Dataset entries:

Lemma epD (a b : 'F_p) : ep (a + b) = ep a * ep b.
Proof.
have p0 : INR p <> 0%R by apply: not_0_INR; apply/eqP; rewrite -lt0n prime_gt0.
rewrite /ep val_addFp.
set A := (2 * PI * INR (val a) / INR p)%R.
set B := (2 * PI * INR (val b) / INR p)%R.
set r := ((val a + val b) %% p)%nat.
set q := ((val a + val b) %/ p)%nat.
have AB : (A + B = 2 * PI * INR r / INR p + 2 * INR q * PI)%R.
  have e : (INR (val a) + INR (val b) = INR r + INR q * INR p)%R.
    rewrite -mult_INR -!plus_INR; congr INR.
    by rewrite !plusE multE /r /q [in RHS]addnC -divn_eq.
  rewrite /A /B; field_simplify_eq => //; rewrite -Rmult_plus_distr_l e ?RealsE; ring.
have -> : cos (2 * PI * INR r / INR p) = cos (A + B) by rewrite AB cos_period.
have -> : sin (2 * PI * INR r / INR p) = sin (A + B) by rewrite AB sin_period.
by rewrite cos_plus sin_plus /=; congr Complex; rewrite ?RealsE; ring.
Qed.

Lemma ep_conj (a : 'F_p) : ep a * (ep a)^*%C = 1.
Proof.
rewrite /ep /=; set t := (2 * PI * _ / _)%R.
have := sin2_cos2 t; rewrite /Rsqr ?RealsE => h.
by apply/eqP; rewrite eq_complex /= ?RealsE; apply/andP; split; apply/eqP; [rewrite -h|]; ring.
Qed.

Lemma ep_neq0 (a : 'F_p) : ep a != 0.
Proof. by apply: contra_eqN (ep_conj a) => /eqP ->; rewrite mul0r eq_sym oner_eq0. Qed.

Lemma ep0 : ep (0 : 'F_p) = 1.
Proof. by apply: (mulfI (ep_neq0 0)); rewrite mulr1 -epD addr0. Qed.

Lemma epN (a : 'F_p) : ep (- a) = (ep a)^*%C.
Proof. by apply: (mulfI (ep_neq0 a)); rewrite ep_conj -epD subrr ep0. Qed.

Lemma ep1_neq1 : ep (1 : 'F_p) != 1.
Proof.
have val1 : val (1 : 'F_p) = 1%nat by rewrite /= (Fp_cast p_pr) modn_small ?prime_gt1.
rewrite /ep val1 eq_complex /= negb_and; apply/orP; right.
have hp : (2 < p%:R :> R) by rewrite ltr_nat.
have pi0 : 0 < PI by apply/RltP; exact: PI_RGT_0.
suff s0 : 0 < sin (2 * PI * INR 1 / INR p) by rewrite oppr_eq0 gt_eqF.
apply/RltP; apply: sin_gt_0; apply/RltP; rewrite !RealsE mulr1 (_ : (nat_of_pos 2)%:R = 2 :> R) //.
  by apply: divr_gt0; [apply: mulr_gt0 | lra].
by rewrite ltr_pdivrMr; [nra | lra].
Qed.

Lemma sum_ep : \sum_(z : 'F_p) ep z = 0.
Proof.
set S := \sum_(z : 'F_p) ep z.
have shiftS : ep (1 : 'F_p) * S = S.
  rewrite /S mulr_sumr [RHS](reindex_inj (addrI (1 : 'F_p))) /=.
  by apply: eq_bigr => z _; rewrite epD.
have : (ep (1 : 'F_p) - 1) * S = 0 by rewrite mulrBl shiftS mul1r subrr.
by move/eqP; rewrite mulf_eq0 subr_eq0 (negbTE ep1_neq1) => /eqP.
Qed.

Lemma sum_ep_mul (a : 'F_p) : \sum_(y : 'F_p) ep (a * y) = if a == 0 then p%:R else 0.
Proof.
have [->|a0] := eqVneq a 0.
  under eq_bigr do rewrite mul0r ep0.
  by rewrite sumr_const (card_Fp p_pr).
by rewrite -[RHS]sum_ep [RHS](reindex_inj (mulfI a0)).
Qed.

Lemma two_neq0 : (2 : 'F_p) != 0.
Proof. by rewrite -(dvdn_pcharf (pchar_Fp p_pr)) gtnNdvd. Qed.

Lemma sum_normsq_twisted (I : finType) (q : I -> 'F_p) (X : I -> Cx) :
  \sum_w `|\sum_a X a * ep (q a * w)| ^+ 2
  = p%:R * \sum_a \sum_(b | q b == q a) X a * (X b)^*%C.
Proof.
rewrite sum_normsq_sum exchange_big mulr_sumr; apply: eq_bigr => a _.
rewrite [in RHS]big_mkcond mulr_sumr; apply: eq_bigr => b _.
have twist w : X a * ep (q a * w) * (X b * ep (q b * w))^*%C
               = X a * (X b)^*%C * ep ((q a - q b) * w).
  by rewrite conjcM -epN mulrACA -epD; congr (_ * ep _); ring.
under eq_bigr do rewrite twist; rewrite -mulr_sumr sum_ep_mul subr_eq0 eq_sym.
by case: ifP; rewrite ?mulr0 // mulrC.
Qed.

Lemma gauss_sum_pair {c : 'F_p} : c != 0 ->
  (\sum_y ep (- c * y ^+ 2)) * (\sum_z ep (c * z ^+ 2)) = p%:R.
Proof.
move=> c0; rewrite mulr_suml.
under eq_bigr => y _ do rewrite mulr_sumr (reindex_inj (addrI y)) /=.
have shift y h : ep (- c * y ^+ 2) * ep (c * (y + h) ^+ 2)
                 = ep (c * h ^+ 2) * ep (2 * c * h * y).
  by rewrite -!epD; congr ep; ring.
under eq_bigr => y _ do under eq_bigr => h _ do rewrite shift.
rewrite exchange_big /=; under eq_bigr => h _ do rewrite -mulr_sumr sum_ep_mul.
rewrite (bigD1 0) //= big1 => [|h h0]; last first.
  by rewrite !mulf_eq0 (negbTE two_neq0) (negbTE c0) (negbTE h0) mulr0.
by rewrite !mulr0 eqxx expr0n mulr0 ep0 mul1r addr0.
Qed.

Lemma pnat_neq0 : (p%:R : Cx) != 0.
Proof. by rewrite pnatr_eq0 -lt0n prime_gt0. Qed.

Definition K1_reduced (x1 x2 x3 : 'F_p) : Cx :=
  p%:R ^- 2 * \sum_v ep ((x2 - x1) * (x3 - x1) * (v - (x2 + x3) * v ^+ 2)).

Lemma K1_reducedE (x1 x2 x3 : 'F_p) : x1 != x3 -> K1 x1 x2 x3 = K1_reduced x1 x2 x3.
Proof.
move=> x13; set c := x3 - x1.
have c0 : c != 0 by rewrite subr_eq0 eq_sym.
have Nc0 : - c != 0 by rewrite oppr_eq0.
rewrite /K1 /K1_reduced.
under eq_bigr => y1 _ do rewrite exchange_big /= (reindex_inj (affine_inj y1 Nc0)) /=.
under eq_bigr => y1 _ do under eq_bigr => v _ do
  rewrite (reindex_inj (addrI ((x2 + c) * v))) /=.
rewrite exchange_big /=.
under eq_bigr => v _ do rewrite (reindex_inj (addrI ((x1 + c) * v))) /=.
have phase v y z :
  ep (Defs.R1 x1 x2 x3 ((x1 + c) * v + y) ((x2 + c) * v + z) ((x1 + c) * v + y + - c * v))
  = ep ((x2 - x1) * (x3 - x1) * (v - (x2 + x3) * v ^+ 2)) *
    (ep (- c * y ^+ 2) * ep (c * z ^+ 2)).
  by rewrite -!epD; congr ep; rewrite /Defs.R1 /c; ring.
under eq_bigr => v _ do under eq_bigr => y _ do under eq_bigr => z _ do rewrite phase.
under eq_bigr => v _ do under eq_bigr => y _ do rewrite -mulr_sumr.
have gauss : \sum_y \sum_z ep (- c * y ^+ 2) * ep (c * z ^+ 2) = p%:R.
  by rewrite -(gauss_sum_pair c0) mulr_suml; apply: eq_bigr => y _; rewrite mulr_sumr.
under eq_bigr => v _ do rewrite -mulr_sumr gauss.
rewrite -mulr_suml [_ * p%:R]mulrC mulrA; congr (_ * _).
by field; exact: pnat_neq0.
Qed.

Lemma K1_reduced_diag (x1 x2 : 'F_p) : K1_reduced x1 x2 x1 = p%:R^-1.
Proof.
rewrite /K1_reduced subrr mulr0.
under eq_bigr do rewrite mul0r ep0.
by rewrite sumr_const (card_Fp p_pr) -exprVn expr2 -mulrA mulVf ?mulr1 ?pnat_neq0.
Qed.

Lemma sum_normsq_square_twist_le (X : 'F_p -> Cx) : (forall a, X (- a) = X a) ->
  \sum_w `|\sum_a X a * ep (a ^+ 2 * w)| ^+ 2 <= 2 * p%:R * \sum_a `|X a| ^+ 2.
Proof.
move=> Xeven; rewrite (sum_normsq_twisted _ (fun a => a ^+ 2)) [2 * _]mulrC -mulrA.
apply: ler_wpM2l => //; rewrite mulr_sumr; apply: ler_sum => a _.
rewrite (eq_bigr (fun=> `|X a| ^+ 2)) => [|b]; last first.
  by rewrite eqf_sqr => /orP[] /eqP ->; rewrite ?Xeven sqr_normc.
rewrite sumr_const mulr_natl ler_wpMn2l ?exprn_ge0 //.
apply: leq_trans (@card_quadratic_preimage _ 1 0 (a ^+ 2) _); last by rewrite oner_eq0.
by apply: subset_leq_card; apply/subsetP => b; rewrite !inE mul1r mul0r addr0.
Qed.

Section FourfoldSum.
Variable f : 'F_p -> Cx.

Definition sumsq : Cx := \sum_x `|f x| ^+ 2.

Definition fourfold (x1 x2 x3 : 'F_p) : Cx :=
  f x1 * (f x3)^*%C * (f x2)^*%C * f (x2 + x3 - x1).

Definition full_sum : Cx :=
  \sum_x1 \sum_x2 \sum_x3 fourfold x1 x2 x3 * K1_reduced x1 x2 x3.

Definition mirror_prod (s a : 'F_p) : Cx := f (s / 2 - a) * f (s / 2 + a).

Definition twisted_sum (s w : 'F_p) : Cx := \sum_a mirror_prod s a * ep (a ^+ 2 * w).

Lemma Ssum_full_sum : Ssum f = full_sum - p%:R^-1 * sumsq ^+ 2.
Proof.
have diag x1 x2 : fourfold x1 x2 x1 * K1_reduced x1 x2 x1
                  = `|f x1| ^+ 2 * `|f x2| ^+ 2 * p%:R^-1.
  by rewrite K1_reduced_diag /fourfold addrK !sqr_normc; ring.
have row x1 x2 : \sum_(x3 | x1 != x3) fourfold x1 x2 x3 * K1 x1 x2 x3 =
    \sum_x3 fourfold x1 x2 x3 * K1_reduced x1 x2 x3 - `|f x1| ^+ 2 * `|f x2| ^+ 2 * p%:R^-1.
  rewrite [X in _ = X - _](bigD1 x1) //= diag addrC addrK.
  by apply: eq_big => [x3|x3 x13]; [rewrite eq_sym | rewrite K1_reducedE].
rewrite /Ssum; under eq_bigr do under eq_bigr do rewrite row.
under eq_bigr do rewrite sumrB; rewrite sumrB; congr (_ - _).
rewrite expr2 mulrC !mulr_suml; apply: eq_bigr => x1 _.
by rewrite mulr_sumr mulr_suml; apply: eq_bigr => x2 _; ring.
Qed.

Lemma fourfold_K1_reduced_midpoint (s b a : 'F_p) :
  let Y c v := mirror_prod s c * ep (c ^+ 2 * (v - s * v ^+ 2)) in
  fourfold (s / 2 - a) (s / 2 + b) (s / 2 - b) * K1_reduced (s / 2 - a) (s / 2 + b) (s / 2 - b)
  = p%:R ^- 2 * \sum_v Y a v * (Y b v)^*%C.
Proof.
have two0 := two_neq0.
have sum_s : s / 2 + b + (s / 2 - b) = s by field.
have reflect_a : s - (s / 2 - a) = s / 2 + a by field.
rewrite /fourfold /K1_reduced sum_s reflect_a mulrCA mulr_sumr; congr (_ * _).
apply: eq_bigr => v _; rewrite /mirror_prod !conjcM -epN mulrACA -epD.
by congr (_ * _); [ring | congr ep; ring].
Qed.

Lemma full_sumE :
  full_sum = p%:R ^- 2 * \sum_s \sum_v `|twisted_sum s (v - s * v ^+ 2)| ^+ 2.
Proof.
rewrite /full_sum (sum_midpoint3 two_neq0) mulr_sumr; apply: eq_bigr => s _.
under eq_bigr do under eq_bigr do rewrite fourfold_K1_reduced_midpoint.
rewrite /twisted_sum (sum_normsq_sum _ _ _
  (fun a v => mirror_prod s a * ep (a ^+ 2 * (v - s * v ^+ 2)))) mulr_sumr.
by apply: eq_bigr => b _; rewrite mulr_sumr.
Qed.

Lemma mirror_prodN (s a : 'F_p) : mirror_prod s (- a) = mirror_prod s a.
Proof. by rewrite /mirror_prod opprK mulrC. Qed.

Lemma sum_normsq_mirror_prod : \sum_s \sum_a `|mirror_prod s a| ^+ 2 = sumsq ^+ 2.
Proof.
rewrite expr2 mulr_suml.
under [RHS]eq_bigr do rewrite mulr_sumr.
rewrite [RHS](sum_midpoint two_neq0); apply: eq_bigr => s _; apply: eq_bigr => a _.
by rewrite /mirror_prod normrM exprMn mulrC.
Qed.

Lemma full_sum_ge0 : 0 <= full_sum.
Proof.
rewrite full_sumE mulr_ge0 ?invr_ge0 ?exprn_ge0 ?ler0n //.
by apply: sumr_ge0 => s _; apply: sumr_ge0 => v _; rewrite exprn_ge0.
Qed.

Lemma full_sum_le : full_sum <= 4 * p%:R^-1 * sumsq ^+ 2.
Proof.
have p_inv2 : p%:R ^- 2 * (2 * (2 * p%:R)) = 4 * p%:R^-1 :> Cx.
  by field; exact: pnat_neq0.
rewrite full_sumE -sum_normsq_mirror_prod -p_inv2 -mulrA; apply: ler_wpM2l.
  by rewrite invr_ge0 exprn_ge0 ?ler0n.
rewrite mulr_sumr; apply: ler_sum => s _; rewrite -mulrA.
have phase v : v - s * v ^+ 2 = - s * v ^+ 2 + 1 * v by ring.
under eq_bigr do rewrite phase.
apply: le_trans (sum_quadratic_comp_le (fun w => `|twisted_sum s w| ^+ 2) _ _) _.
- by rewrite oner_eq0 orbT.
- by move=> w; rewrite exprn_ge0.
by apply: ler_wpM2l => //; apply: sum_normsq_square_twist_le => a; exact: mirror_prodN.
Qed.

Lemma sumsq_ge0 : 0 <= sumsq.
Proof. by rewrite sumr_ge0 // => x _; rewrite exprn_ge0. Qed.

DIRECTIONS FOR THIS TASK:
An exact copy of the lines above between the line holding "by case: ifP; rewrite ?mulr0 // mulrC." and the line holding "have phase v y", inclusive, is the whole answer.

RESPONSE:
by case: ifP; rewrite ?mulr0 // mulrC.
Qed.

Lemma gauss_sum_pair {c : 'F_p} : c != 0 ->
  (\sum_y ep (- c * y ^+ 2)) * (\sum_z ep (c * z ^+ 2)) = p%:R.
Proof.
move=> c0; rewrite mulr_suml.
under eq_bigr => y _ do rewrite mulr_sumr (reindex_inj (addrI y)) /=.
have shift y h : ep (- c * y ^+ 2) * ep (c * (y + h) ^+ 2)
                 = ep (c * h ^+ 2) * ep (2 * c * h * y).
  by rewrite -!epD; congr ep; ring.
under eq_bigr => y _ do under eq_bigr => h _ do rewrite shift.
rewrite exchange_big /=; under eq_bigr => h _ do rewrite -mulr_sumr sum_ep_mul.
rewrite (bigD1 0) //= big1 => [|h h0]; last first.
  by rewrite !mulf_eq0 (negbTE two_neq0) (negbTE c0) (negbTE h0) mulr0.
by rewrite !mulr0 eqxx expr0n mulr0 ep0 mul1r addr0.
Qed.

Lemma pnat_neq0 : (p%:R : Cx) != 0.
Proof. by rewrite pnatr_eq0 -lt0n prime_gt0. Qed.

Definition K1_reduced (x1 x2 x3 : 'F_p) : Cx :=
  p%:R ^- 2 * \sum_v ep ((x2 - x1) * (x3 - x1) * (v - (x2 + x3) * v ^+ 2)).

Lemma K1_reducedE (x1 x2 x3 : 'F_p) : x1 != x3 -> K1 x1 x2 x3 = K1_reduced x1 x2 x3.
Proof.
move=> x13; set c := x3 - x1.
have c0 : c != 0 by rewrite subr_eq0 eq_sym.
have Nc0 : - c != 0 by rewrite oppr_eq0.
rewrite /K1 /K1_reduced.
under eq_bigr => y1 _ do rewrite exchange_big /= (reindex_inj (affine_inj y1 Nc0)) /=.
under eq_bigr => y1 _ do under eq_bigr => v _ do
  rewrite (reindex_inj (addrI ((x2 + c) * v))) /=.
rewrite exchange_big /=.
under eq_bigr => v _ do rewrite (reindex_inj (addrI ((x1 + c) * v))) /=.
have phase v y z :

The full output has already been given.